Смотрю на мастеровых, те вообще в каком-то благоговейном экстазе. Толкни — на колени бухнутся. Куда это его?
Толкнул старика, Дед отмер, пискнул:
— Батюшки святы! Императорская карета! Лейб-гвардия! К императору позвали! — и сел.
Белый-белый. Сейчас точно Кондратий хватит. Хоть и козел тот еще, но местный, а мне все ж тут еще жить — спасать, короче, надо. Рявкнул на мастеровых: одного за чаем бегом послал, второго — в лавку за коньяком. Мигом притащили.
Чай хлебнул — горло, пока матерился и гонял, пересохло, — остатки выплеснул прямо на пол. Налил коньяка в стакан до краев, сунул Деду под нос:
— Пей!
Тот походу даже не понял, что выпил. Как воду, но, смотрю, отпускать его стало. Розоветь начал. Но ещё в прострации. Ну а я что, я ничего — чисто в медицинских целях влепил пощечину. От всей широкой русской души, чтоб в дальнейшем про кулаки даже не помышлял.
Сидящего Деда мотнуло, но взгляд в точку сошелся, меня нашел:
— И… Сергеич ты чего, совсем охренел? Чего дерешся? На кого руку… — и приподняться пытается.
Тут главное, что? Главное инициативу держать!
— Сидеть! В медицинских целях!!!
Плюхнулся, послушался…
— Так…
— Куда увезли⁈
— Так… Так к Государю ж, сподобились, батюшки святы…
— К какому Государю?
— К… как к какому? К Николаю Александровичу, Государю-императору Всероссийскому, царю Польскому и великому князю… — понесло, похоже, Деда опять.
В смысле к Государю? К Царю что ли??? В СМЫСЛЕ К ЦАРЮ???
Глава 6
Штурмовщина
Интерлюдия вторая — Фурштадская, дом 40
— Ваше Высокоблагородие, господин ротмистр, разрешите доложить? — Заходи вахмистр, заходи. Хорошо выглядишь, помолодел прям!
— Спасибо Вашсокбродь!
— Ладно, докладывай. У меня мало времени.
— Слушаюсь! В районе у Обводного канала околоточный 2 марта нашел чудное место. В развалинах как гигантским шаром все выжгло. И камни, и стены, землю. Двадцать три аршина от стены до стены. А потом битым кирпичом с обвалившихся стен кучами завалило. Я приказал от греха оцепить.

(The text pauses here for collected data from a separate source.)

(* Let $X_1,\dots,X_n$ be mutually independent random variables, $X_i$ taking values in a set $D_i$ according to a given distribution, with product distribution $\mu$, and let $A_1,\dots,A_m$ be events, $A_i$ determined by the variables indexed by $\mathrm{vbl}(A_i)\subseteq[n]$. Call distinct $i,j$ dependent if $\mathrm{vbl}(A_i)\cap\mathrm{vbl}(A_j)\ne\emptyset$, and assume that for every dependent pair $i,j$, $\Pr_\mu(A_i\wedge A_j)=0$. Consider the algorithm: draw all variables independently from their distributions; while at least one $A_i$ occurs, let $I$ be the set of indices of occurring events and independently resample all variables in $\bigcup_{i\in I}\mathrm{vbl}(A_i)$; when no $A_i$ occurs, output the current assignment. Then, when the algorithm halts, its output is distributed as $\mu$ conditioned on $\bigwedge_{i=1}^m\overline{A_i}$. *)

From HB Require Import structures.
From mathcomp Require Import all_boot all_order all_algebra.
From mathcomp Require Import all_classical all_reals.
From mathcomp Require Import ereal sequences.
Set Implicit Arguments. Unset Strict Implicit. Unset Printing Implicit Defensive.
Import Order.TTheory GRing.Theory Num.Theory.
Local Open Scope ring_scope.

(* Variables X_i, i : 'I_n, with X_i taking values in the finite set D i
   with probability mass function p i. *)
Section PRS.
Context {R : realType} {n : nat} {D : 'I_n -> finType}.

Definition assign := {dffun forall i : 'I_n, D i}.

Variable p : forall i : 'I_n, D i -> R.

Definition mu (s : assign) : R := \prod_(i < n) p (s i).

Context {m : nat}.
Variables (vbl : 'I_m -> {set 'I_n}) (A : 'I_m -> pred assign).

Definition good (s : assign) : bool := [forall j, ~~ A j s].

Definition resample_set (s : assign) : {set 'I_n} :=
  \bigcup_(j | A j s) vbl j.

(* one round of the algorithm from state s: variables in the resample set
   are redrawn independently, the others are kept. *)
Definition trans (s t : assign) : R :=
  if [forall i, (i \notin resample_set s) ==> (t i == s i)]
  then \prod_(i in resample_set s) p (t i) else 0.

(* badmass k t = Pr[ states at rounds 0..k-1 are all bad and state at
   round k is t ]  (round 0 = initial independent draw). *)
Fixpoint badmass (k : nat) : assign -> R :=
  match k with
  | 0 => mu
  | k'.+1 => fun t => \sum_(s | ~~ good s) badmass k' s * trans s t
  end.

(* probability that the algorithm halts exactly after k resampling rounds
   with output t *)
Definition halt_at (k : nat) (t : assign) : R :=
  if good t then badmass k t else 0.

Definition halt_out (t : assign) : \bar R :=
  (\sum_(0 <= k <oo) (halt_at k t)%:E)%E.

Definition halt_prob : \bar R := (\sum_(t : assign) halt_out t)%E.

Definition cond_mu (t : assign) : R :=
  if good t then mu t / \sum_(s | good s) mu s else 0.

End PRS.

From Pilot Require Import Defs.
From HB Require Import structures.
From mathcomp Require Import all_boot all_order all_algebra.
From mathcomp Require Import all_classical all_reals.
From mathcomp Require Import ereal sequences.
Import Order.TTheory GRing.Theory Num.Theory.
Local Open Scope ring_scope.

(* The mass of the runs that are still bad before round k and sit at t at
   round k factors as mu t * G_k (occurring t).  Detailed balance,
   mu s * trans s t = mu t * rtrans s t, where rtrans s t is the mass of s on
   its resampled variables (when t agrees with s elsewhere), reduces the
   induction step to showing that \sum_s rtrans s t * G (occurring s)
   depends on t only through occurring t.  For positive-mass t, t' with the
   same occurring events, keeping s on its resampled variables and copying t'
   elsewhere is a weight-preserving bijection between the predecessors of t
   and those of t': as dependent events never occur together, it does not
   change which events occur.  Good outputs have no occurring event, so in
   every round the halting mass is proportional to mu on good states. *)

Section PartialRejectionSampling.
Variables (R : realType) (n m : nat) (D : 'I_n -> finType)
  (p : forall i : 'I_n, D i -> R)
  (vbl : 'I_m -> {set 'I_n}) (A : 'I_m -> pred (@assign n D)).
Hypothesis p_ge0 : forall (i : 'I_n) (x : D i), 0 <= p i x.
Hypothesis A_local : forall (j : 'I_m) (s t : @assign n D),
  (forall i, i \in vbl j -> s i = t i) -> A j s = A j t.
Hypothesis A_extremal : forall {i j : 'I_m},
  i != j -> vbl i :&: vbl j != finset.set0 ->
  \sum_(s : @assign n D | A i s && A j s) mu p s = 0.

Set Implicit Arguments. Unset Strict Implicit. Unset Printing Implicit Defensive.

Local Notation assign := (@assign n D).
Local Notation mu := (mu p).
Local Notation Res := (resample_set vbl A).
Local Notation trans := (trans p vbl A).
Local Notation badmass := (badmass p vbl A).

Definition occurring (s : assign) : {set 'I_m} := [set j | A j s].

Definition agree_off (s t : assign) : bool :=
  [forall i, (i \notin Res s) ==> (t i == s i)].

Definition redraw_mass (s : assign) : R := \prod_(i in Res s) p i (s i).

Definition rtrans (s t : assign) : R := if agree_off s t then redraw_mass s else 0.

Lemma mu_ge0 (s : assign) : 0 <= mu s.
Proof. exact: prodr_ge0. Qed.

Lemma mu_neq0P (s : assign) : reflect (forall i, p i (s i) != 0) (mu s != 0).
Proof.
rewrite /Defs.mu prodf_seq_neq0.
by apply: (iffP allP) => h i => [|_]; apply: h; rewrite ?mem_index_enum.
Qed.

Lemma mu_split (S : {set 'I_n}) (s : assign) :
  mu s = (\prod_(i in S) p i (s i)) * \prod_(i in ~: S) p i (s i).
Proof.
rewrite /Defs.mu (bigID (mem S)) /=.
by congr (_ * _); apply: eq_bigl => i; rewrite ?inE.
Qed.

Lemma agree_offE (s t : assign) i : agree_off s t -> i \notin Res s -> t i = s i.
Proof. by move=> /forallP/(_ i)/implyP h /h/eqP. Qed.

Lemma mu_trans (s t : assign) : mu s * trans s t = mu t * rtrans s t.
Proof.
rewrite /trans /rtrans -/(agree_off s t); case: ifP => ag; last by rewrite !mulr0.
rewrite (mu_split (Res s) s) (mu_split (Res s) t) /redraw_mass.
have -> : \prod_(i in ~: Res s) p i (s i) = \prod_(i in ~: Res s) p i (t i).
  by apply: eq_bigr => i; rewrite inE => /(agree_offE ag) ->.
by rewrite mulrAC [RHS]mulrAC [X in _ = X * _]mulrC.
Qed.

Lemma mem_resample_set (s : assign) i :
  reflect (exists2 j, A j s & i \in vbl j) (i \in Res s).
Proof. by apply: (iffP bigcupP) => -[j]; exists j. Qed.

Lemma redraw_mass_neq0 (s : assign) i : redraw_mass s != 0 -> i \in Res s -> p i (s i) != 0.
Proof. by rewrite /redraw_mass prodf_seq_neq0 => /allP/(_ i (mem_index_enum _))/implyP. Qed.

Lemma dependent_not_both (s : assign) j j0 :
  mu s != 0 -> j != j0 -> ~~ [disjoint vbl j & vbl j0] -> A j0 s -> ~~ A j s.
Proof.
move=> mus neq dep Aj0; apply/negP => Aj.
have := A_extremal neq; rewrite setI_eq0 => /(_ dep)/eqP.
rewrite psumr_eq0 => [|? _]; last exact: mu_ge0.
by move/allP/(_ s (mem_index_enum _)); rewrite Aj Aj0 /= (negbTE mus).
Qed.

Lemma occurs_agree_on_resample (u s : assign) j :
  mu u != 0 -> mu s != 0 -> {in Res s, forall i, u i = s i} ->
  ~~ [disjoint vbl j & Res s] -> A j u = A j s.
Proof.
move=> muu mus eq_us; rewrite -setI_eq0 => /set0Pn[i].
rewrite inE => /andP[ij /mem_resample_set[j0 Aj0s ij0]].
have Aj0u : A j0 u.
  by rewrite (@A_local j0 u s) // => k kj0; apply/eq_us/mem_resample_set; exists j0.
have [-> | neq] := eqVneq j j0; first by rewrite Aj0u Aj0s.
have dep : ~~ [disjoint vbl j & vbl j0].
  by rewrite -setI_eq0; apply/set0Pn; exists i; rewrite inE ij ij0.
by rewrite !(negbTE (dependent_not_both _ neq dep _)).
Qed.

Definition graft (t' s : assign) : assign :=
  finfun (fun i : 'I_n => if i \in Res s then s i else t' i).

Lemma graftE (t' s : assign) i : graft t' s i = if i \in Res s then s i else t' i.
Proof. by rewrite ffunE. Qed.

Definition prestate (t s : assign) : bool :=
  [&& ~~ good A s, agree_off s t & redraw_mass s != 0].

Lemma prestate_mu_neq0 (t s : assign) : mu t != 0 -> prestate t s -> mu s != 0.
Proof.
move=> /mu_neq0P mut /and3P[_ ag rms]; apply/mu_neq0P => i.
have [/(redraw_mass_neq0 rms) // | notR] := boolP (i \in Res s).
by rewrite -(agree_offE ag notR).
Qed.

Lemma graft_mu_neq0 (t' s : assign) :
  mu t' != 0 -> redraw_mass s != 0 -> mu (graft t' s) != 0.
Proof.
move=> /mu_neq0P mut' rms; apply/mu_neq0P => i; rewrite graftE.
by case: ifP => [/(redraw_mass_neq0 rms)|].
Qed.

Section Graft.
Variables t t' s : assign.
Hypotheses (mut : mu t != 0) (mut' : mu t' != 0).
Hypotheses (occ_tt' : occurring t = occurring t') (pre : prestate t s).

Lemma occurs_graft j : A j (graft t' s) = A j s.
Proof.
have /and3P[_ ag rms] := pre.
have [disj | meet] := boolP [disjoint vbl j & Res s]; last first.
  apply: occurs_agree_on_resample meet; rewrite ?graft_mu_neq0 //.
    exact: prestate_mu_neq0 pre.
  by move=> i iR; rewrite graftE iR.
have offR i : i \in vbl j -> i \notin Res s by move/(disjointFr disj) ->.
rewrite (@A_local j _ t') => [|i /offR/negbTE ij]; last by rewrite graftE ij.
rewrite [RHS](@A_local j _ t) => [|i /offR/(agree_offE ag) //].
by move/setP: occ_tt' => /(_ j); rewrite !inE.
Qed.

Lemma resample_set_graft : Res (graft t' s) = Res s.
Proof. by apply: eq_bigl => j; rewrite occurs_graft. Qed.

Lemma prestate_graft :
  [/\ prestate t' (graft t' s), graft t (graft t' s) = s,
      rtrans (graft t' s) t' = rtrans s t & occurring (graft t' s) = occurring s].
Proof.
have /and3P[bad ag rms] := pre.
have rm_graft : redraw_mass (graft t' s) = redraw_mass s.
  by rewrite /redraw_mass resample_set_graft; apply: eq_bigr => i iR; rewrite graftE iR.
have ag' : agree_off (graft t' s) t'.
  by apply/forallP => i; apply/implyP; rewrite resample_set_graft graftE => /negbTE ->.
split.
- apply/and3P; split; rewrite ?rm_graft //; apply: contra bad => /forallP good_g.
  by apply/forallP => j; rewrite -occurs_graft.
- apply/ffunP => i; rewrite !graftE resample_set_graft.
  by case: ifP => [-> // | /negbT /(agree_offE ag)].
- by rewrite /rtrans ag ag' rm_graft.
- by apply/setP => j; rewrite !inE occurs_graft.
Qed.

End Graft.

Definition back_sum (G : {set 'I_m} -> R) (t : assign) : R :=
  \sum_(s | ~~ good A s) rtrans s t * G (occurring s).

Lemma back_sum_prestate G (t : assign) :
  back_sum G t = \sum_(s | prestate t s) rtrans s t * G (occurring s).
Proof.
rewrite /back_sum big_mkcond [RHS]big_mkcond; apply: eq_bigr => s _.
rewrite /prestate /rtrans; case: (~~ good A s) (agree_off s t) => [] [] //=.
  by case: eqP => [->|]; rewrite ?mul0r.
by rewrite mul0r.
Qed.

Lemma back_sum_occurring G (t t' : assign) : mu t != 0 -> mu t' != 0 ->
  occurring t = occurring t' -> back_sum G t = back_sum G t'.
Proof.
move=> mut mut' occ; rewrite !back_sum_prestate.
rewrite (reindex_onto (graft t) (graft t')) => [|s pre]; last first.
  by case: (prestate_graft mut mut' occ pre).
apply: eq_big => s.
  apply/andP/idP => [[pre /eqP <-] | pre]; first by case: (prestate_graft mut mut' occ pre).
  by case: (prestate_graft mut' mut (esym occ) pre) => -> ->.
move=> /andP[pre /eqP gs].
have pre' : prestate t' s by rewrite -gs; case: (prestate_graft mut mut' occ pre).
by case: (prestate_graft mut' mut (esym occ) pre') => _ _ -> ->.
Qed.

Lemma badmass_ge0 k (t : assign) : 0 <= badmass k t.
Proof.
elim: k t => [|k IH] t /=; first exact: mu_ge0.
apply: sumr_ge0 => s _; apply: mulr_ge0 => //.
by rewrite /Defs.trans; case: ifP => // _; apply: prodr_ge0.
Qed.

Lemma badmass_factor k :
  exists G : {set 'I_m} -> R, forall t, badmass k t = mu t * G (occurring t).
Proof.
elim: k => [|k [G badmassE]]; first by exists (fun=> 1) => t; rewrite mulr1.
have step t : badmass k.+1 t = mu t * back_sum G t.
  rewrite /= /back_sum mulr_sumr; apply: eq_bigr => s _.
  by rewrite badmassE mulrAC mu_trans mulrA mulrAC -mulrA.
exists (fun J => if [pick t | (occurring t == J) && (mu t != 0)] is Some t0
                 then back_sum G t0 else 0) => t.
rewrite step; have [-> | mut] := eqVneq (mu t) 0; first by rewrite !mul0r.
case: pickP => [t0 /andP[/eqP occ mut0] | /(_ t)]; last by rewrite eqxx mut.
by rewrite (back_sum_occurring G mut mut0 (esym occ)).
Qed.

Definition halt_weight k : R :=
  if [pick t | good A t && (mu t != 0)] is Some t0 then badmass k t0 / mu t0 else 0.

Lemma halt_weight_ge0 k : 0 <= halt_weight k.
Proof.
rewrite /halt_weight; case: pickP => // t0 _.
by rewrite divr_ge0 ?badmass_ge0 ?mu_ge0.
Qed.

Lemma occurring_good (t : assign) : good A t -> occurring t = finset.set0.
Proof. by move=> /forallP good_t; apply/setP => j; rewrite !inE (negbTE (good_t j)). Qed.

Lemma halt_atE k (t : assign) :
  halt_at p vbl A k t = if good A t then mu t * halt_weight k else 0.
Proof.
rewrite /halt_at; case: ifP => // good_t; have [G badmassE] := badmass_factor k.
rewrite badmassE /halt_weight; have [-> | mut] := eqVneq (mu t) 0; first by rewrite !mul0r.
case: pickP => [t0 /andP[good_t0 mut0] | /(_ t)]; last by rewrite good_t mut.
by rewrite badmassE mulrAC mulfV // mul1r !occurring_good.
Qed.

Definition halt_weight_sum : \bar R := (\sum_(0 <= k <oo) (halt_weight k)%:E)%E.

Lemma halt_outE (t : assign) :
  halt_out p vbl A t = if good A t then ((mu t)%:E * halt_weight_sum)%E else 0%E.
Proof.
rewrite /halt_out; case: ifP => good_t; last first.
  by apply: eseries0 => k _ _; rewrite halt_atE good_t.
rewrite -nneseriesZl => [|k _]; last by rewrite lee_fin halt_weight_ge0.
by apply: eq_eseriesr => k _; rewrite halt_atE good_t EFinM.
Qed.

Lemma halt_probE :
  halt_prob p vbl A = ((\sum_(s | good A s) mu s)%:E * halt_weight_sum)%E.
Proof.
rewrite /halt_prob (eq_bigr _ (fun t _ => halt_outE t)) -big_mkcond /= -sumEFin.
by rewrite ge0_sume_distrl // => t _; rewrite lee_fin mu_ge0.
Qed.

End PartialRejectionSampling.

Theorem theorem8 (R : realType) (n m : nat) (D : 'I_n -> finType)
  (p : forall i : 'I_n, D i -> R)
  (vbl : 'I_m -> {set 'I_n}) (A : 'I_m -> pred (@assign n D))
  (hp0 : forall (i : 'I_n) (x : D i), 0 <= p i x)
  (hp1 : forall i : 'I_n, \sum_(x : D i) p i x = 1)
  (hA : forall (j : 'I_m) (s t : @assign n D),
          (forall i, i \in vbl j -> s i = t i) -> A j s = A j t)
  (hdep : forall i j : 'I_m, i != j -> vbl i :&: vbl j != finset.set0 ->
          \sum_(s : @assign n D | A i s && A j s) mu p s = 0)
  (hhalt : (0 < halt_prob p vbl A)%E) :
  forall t : @assign n D,
    halt_out p vbl A t = (halt_prob p vbl A * (cond_mu p A t)%:E)%E.
Proof.
move=> t; rewrite (halt_outE hp0 hA hdep) (halt_probE hp0 hA hdep) /cond_mu.
set Z := \sum_(s | good A s) mu p s; case: ifP => _; last by rewrite mule0.
have Z_neq0 : Z != 0.
  by apply: contraTneq hhalt => Z0; rewrite (halt_probE hp0 hA hdep) -/Z Z0 mul0e ltxx.
by rewrite muleAC -EFinM [Z * _]mulrC divfK.
Qed.
(* Let $\Sigma=\{b\}$. There exists a 2R1CA over $\Sigma$ which accepts every input $b^{2^n}$ ($n\ge0$) with probability $1$ and rejects every other input $x\in\Sigma^*$ with probability $1$.
   Context: Let $\Gamma=\Sigma\cup\{\cent,\$\}$ with end-markers $\cent,\$\notin\Sigma$, $S=\{0,1\}$, $\mathrm{sign}(k)=0$ if $k=0$ and $1$ otherwise, and $\mu(\leftarrow)=-1,\mu(\downarrow)=0,\mu(\rightarrow)=+1$. 2Q1CA: $M=(Q,\Sigma,\delta,q_0,Q_{\rm acc},Q_{\rm rej})$ with finite $Q$, $q_0\in Q$, disjoint $Q_{\rm acc},Q_{\rm rej}\subset Q$, and $\delta:Q\times\Gamma\times S\times Q\times\{-1,0,+1\}\times\{\leftarrow,\downarrow,\rightarrow\}\to\mathbb{C}$ satisfying the well-formedness conditions below. For $\alpha,\beta\in\{-2,\dots,2\}$ let $W_{\alpha,\beta}(q_1,\sigma_1,s_1;q_2,\sigma_2,s_2)=\sum_{q'\in Q}\sum\overline{\delta(q_1,\sigma_1,s_1,q',c_1,d_1)}\,\delta(q_2,\sigma_2,s_2,q',c_2,d_2)$, inner sum over $(c_1,d_1),(c_2,d_2)$ with $c_2-c_1=\alpha$, $\mu(d_2)-\mu(d_1)=\beta$. Well-formedness: for all $q_1,q_2\in Q$, $\sigma,\sigma_1,\sigma_2\in\Gamma$, $s,s_1,s_2\in S$: (i) $W_{0,0}(q_1,\sigma,s;q_2,\sigma,s)=[q_1=q_2]$; (ii) $W_{0,\beta}(q_1,\sigma_1,s;q_2,\sigma_2,s)=0$ for $\beta\in\{1,2\}$; (iii) $W_{\alpha,0}(q_1,\sigma,s_1;q_2,\sigma,s_2)=0$ for $\alpha\in\{1,2\}$; (iv) $W_{\alpha,\beta}(q_1,\sigma_1,s_1;q_2,\sigma_2,s_2)=0$ for $\alpha\in\{1,2\}$, $\beta\in\{-2,-1,1,2\}$. On input $x$ of length $n$ the circular tape holds $w_x=\cent x\$$ at positions $0,\dots,n+1$ (modulo $n+2$); configurations are $(q,a,b)\in Q\times\mathbb{Z}\times\{0,\dots,n+1\}$ and $U_x|q,a,b\rangle=\sum_{q',c,d}\delta(q,w_x(b),\mathrm{sign}(a),q',c,d)|q',a+c,b+\mu(d)\rangle$. Computation starts in $|q_0,0,0\rangle$; at each step $U_x$ is applied and then the state is measured w.r.t. the orthogonal decomposition into the spans of configurations whose state lies in $Q_{\rm acc}$, in $Q_{\rm rej}$, and in neither; outcomes ''accept''/''reject'' halt, otherwise the computation continues from the collapsed (renormalized) state. Acceptance (rejection) probability is the total probability of ever obtaining the outcome ''accept'' (''reject''). A 2R1CA is a 2Q1CA all of whose transition amplitudes lie in $\{0,1\}$. *)

From HB Require Import structures.
From mathcomp Require Import all_boot all_order all_algebra.
From mathcomp Require Import complex.
From mathcomp Require Import all_classical all_reals all_analysis.
Set Implicit Arguments. Unset Strict Implicit. Unset Printing Implicit Defensive.
Import Order.TTheory GRing.Theory Num.Theory.
Local Open Scope ring_scope.

Inductive tapesym (Sigma : Type) := Cent | Dollar | Sym of Sigma.
Arguments Cent {Sigma}. Arguments Dollar {Sigma}.

Inductive cmove := CM | C0 | CP.
Definition cval (c : cmove) : int := match c with CM => -1 | C0 => 0 | CP => 1 end.
Definition cmoves : seq cmove := [:: CM; C0; CP].

Inductive hmove := HL | HN | HR.
Definition mu (d : hmove) : int := match d with HL => -1 | HN => 0 | HR => 1 end.
Definition hmoves : seq hmove := [:: HL; HN; HR].

(* sign : Z -> S = {0,1}, encoded as bool (false = 0, true = 1) *)
Definition sgn (a : int) : bool := a != 0.

Record Q1CA (Sigma : Type) (R : realType) := MkQ1CA {
  st : finType;
  delta : st -> tapesym Sigma -> bool -> st -> cmove -> hmove -> R[i];
  q0 : st;
  Qacc : {set st};
  Qrej : {set st}
}.
Arguments st {Sigma R} _.
Arguments delta {Sigma R} _.
Arguments q0 {Sigma R} _.
Arguments Qacc {Sigma R} _.
Arguments Qrej {Sigma R} _.

Section Semantics.
Variables (Sigma : Type) (R : realType) (M : Q1CA Sigma R).

Definition W (al be : int) (q1 : st M) (s1 : tapesym Sigma) (b1 : bool)
    (q2 : st M) (s2 : tapesym Sigma) (b2 : bool) : R[i] :=
  \sum_(q' : st M) \sum_(c1 <- cmoves) \sum_(d1 <- hmoves)
    \sum_(c2 <- cmoves) \sum_(d2 <- hmoves |
        (cval c2 - cval c1 == al) && (mu d2 - mu d1 == be))
      (delta M q1 s1 b1 q' c1 d1)^* * delta M q2 s2 b2 q' c2 d2.

Definition well_formed : Prop :=
  [/\ [disjoint Qacc M & Qrej M],
      (forall q1 q2 s b, W 0 0 q1 s b q2 s b = (q1 == q2)%:R),
      (forall q1 q2 s1 s2 b be, be \in [:: 1; 2] -> W 0 be q1 s1 b q2 s2 b = 0),
      (forall q1 q2 s b1 b2 al, al \in [:: 1; 2] -> W al 0 q1 s b1 q2 s b2 = 0) &
      (forall q1 q2 s1 s2 b1 b2 al be, al \in [:: 1; 2] ->
          be \in [:: -2; -1; 1; 2] -> W al be q1 s1 b1 q2 s2 b2 = 0)].

Definition is_2R1CA : Prop :=
  forall q s b q' c d, delta M q s b q' c d = 0 \/ delta M q s b q' c d = 1.

Variable x : seq Sigma.
Let n := size x.

Definition wx (b : 'I_n.+2) : tapesym Sigma :=
  if val b == 0%N then Cent
  else match onth x (val b).-1 with Some s => Sym s | None => Dollar end.

(* new head position b + mu(d) modulo n+2 *)
Definition newpos (b : 'I_n.+2) (d : hmove) : nat :=
  match d with
  | HL => (val b + n.+1) %% n.+2
  | HN => val b
  | HR => (val b).+1 %% n.+2
  end.

(* (unnormalized) state vectors over configurations (q, a, b) *)
Definition qstate := st M -> int -> 'I_n.+2 -> R[i].

(* U_x psi, written coordinatewise: the coefficient of |q',a',b'> *)
Definition Ux (psi : qstate) : qstate := fun q' a' b' =>
  \sum_(q : st M) \sum_(c <- cmoves) \sum_(d <- hmoves)
    \sum_(b : 'I_n.+2 | newpos b d == val b')
      psi q (a' - cval c) b * delta M q (wx b) (sgn (a' - cval c)) q' c d.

— Зачем? В чем дело, докладывай яснее, не мнись, не гимназистка! При чем тут шары какие-то и мы? Отправь городовым, пусть разбирают.
— Вашсокбродь! Трупы странные, не наши. Вот околоточный бдительность и проявил. Нас дернул.
— Что?
— Нашли несколько трупов двое мужчин в странной серо-пятнистой, как понимаю, форме. С с почти российским гербом.
— В смысле?
— Ну герб как бы наш и как бы не наш. Вот господин кадет Георгадзе сравнения писал. — мужчина шагнул к столу и, положив перед сидящим бумагу, снова отшагнул. — Найденные разорваны на куски. Были вооружены пистолями неизвестной модели. Пистоли одинаковые, номерные, но сильно покореженные. Мужчины перед смертью не защищались. Пистоли заряжены полностью. Интересные машинки. Господин кадет говорит на новый американский Кольт похожи, только на 8 патронов. У одного на левой руке был браслет. Кожа ремешка гибкая… странная. Как литая железяка выглядит. А мнется. Я такую, Вашсокбродь, не видал никогда. И дырка. Что в ней — покорежило сильно. Черный комок просто. Распознать не смогли. Думаем часы… Последней нашли женщину годков 25, от силы 30. Из особенностей: азиатка и много золотых цацек на ней. Порвана тоже вся. По хорошему кроме лица и груди ничего не осталось.